This method is used to convert the OutputFormatEnum enum to the ResultFormat enum, which is what is actually used for the TransformRequest. This allows us to use different string values in the two enum classes to maintain backend compatibility

class DeliveryEnum(value, names=<not given>, *values, module=None, qualname=None, type=None, start=1, boundary=None)[source]

Bases: str, Enum

LocalCache = 'LocalCache'

Download the files to the local computer and store them in the cache. Transform requests will return paths to these files in the cache

URLs = 'URLs'

Return URLs to the files stored in the ServiceX object store

field Codegen: str | None = None

Code generator name to be applied across all of the samples, if applicable. Generally users don’t need to specify this. It is implied by the query class

field OutputFormat: OutputFormatEnum = OutputFormatEnum.root_ttree

Output format for the transform request.

field Delivery: DeliveryEnum = DeliveryEnum.LocalCache

Specifies the delivery method for the output files.

field OutputDirectory: str | None = None

Directory to output a yaml file describing the output files.

field OutFilesetName: str = 'servicex_fileset'

Name of the yaml file that will be created in the output directory.

pydantic model servicex.databinder_models.Sample[source]

Bases: BaseModel

Represents a single transform request within a larger submission.

Create a new model by parsing and validating input data from keyword arguments.

Raises [ValidationError][pydantic_core.ValidationError] if the input data cannot be validated to form a valid model.

self is explicitly positional-only to allow self as a field name.

Validators:
field Name: str [Required]

The name of the sample. This makes it easier to identify the sample in the output.

field Dataset: DataSetIdentifier | None = None

Dataset identifier for the sample

field NFiles: int | None = None

Limit the Number of files to be used in the sample. The DID Finder will guarantee the same files will be returned between each invocation. Set to None to use all files.

field Query: str | QueryStringGenerator | None = None

Query string or query generator for the sample.

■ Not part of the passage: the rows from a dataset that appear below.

Lemma lin1K a b F : (a, b) <> (0, 0) -> (F \mPo lin1 a b) \mPo lin1_inv a b = F.
Proof.
move=> /transv_det_neq0; rewrite /lin1_inv /lin1 /transv_det.
case: (transv a b) => c e /= d0; set d := a * e - b * c in d0 *.
apply: (@comp_mpoly_compK CC) => i; rewrite (tnth_nth 0).
case: i => [[|[|[|//]]] Hi] /=.
- by rewrite comp_mpolyX_tnth (tnth_nth 0) /=; congr 'X_ _; apply: val_inj.
- rewrite comp_mpolyD !rmorphM /= !comp_mpolyC !comp_mpolyX_tnth !(tnth_nth 0) /=.
  transitivity ((a * (e / d) + c * (- b / d))%:MP * 'X_1 +
                (- a * (c / d) + c * (a / d))%:MP * ('X_2 : poly3)); first ring.
  have -> : a * (e / d) + c * (- b / d) = 1 by rewrite /d; field.
  have -> : - a * (c / d) + c * (a / d) = 0 by field.
  by rewrite mul1r mul0r addr0; congr 'X_ _; apply: val_inj.
- rewrite comp_mpolyD !rmorphM /= !comp_mpolyC !comp_mpolyX_tnth !(tnth_nth 0) /=.
  transitivity ((b * (e / d) + e * (- b / d))%:MP * 'X_1 +
                (- b * (c / d) + e * (a / d))%:MP * ('X_2 : poly3)); first ring.
  have -> : b * (e / d) + e * (- b / d) = 0 by field.
  have -> : - b * (c / d) + e * (a / d) = 1 by rewrite /d; field.
  by rewrite mul1r mul0r add0r; congr 'X_ _; apply: val_inj.
Qed.

Lemma meval_lin1_inv a b x y z : let d := transv_det a b in
  (fun i => (tnth (lin1_inv a b) i).@[coords x y z]) =1
  coords x ((transv a b).2 / d * y - (transv a b).1 / d * z) (- b / d * y + a / d * z).
Proof.
move=> d i; rewrite (tnth_nth 0).
by case: i => [[|[|[|//]]] ?]; rewrite /= ?mevalD ?mevalN ?mevalM ?mevalC ?mevalXU.
Qed.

field IgnoreLocalCache: bool = False

Flag to ignore local cache.

field Codegen: str | None = None

Code generator name, if applicable. Generally users don’t need to specify this. It is implied by the query class

field RucioDID: str | None = None
Rucio Dataset Identifier, if applicable.

Deprecated: Use ‘Dataset’ instead.

field XRootDFiles: str | List[str] | None = None
XRootD file(s) associated with the sample.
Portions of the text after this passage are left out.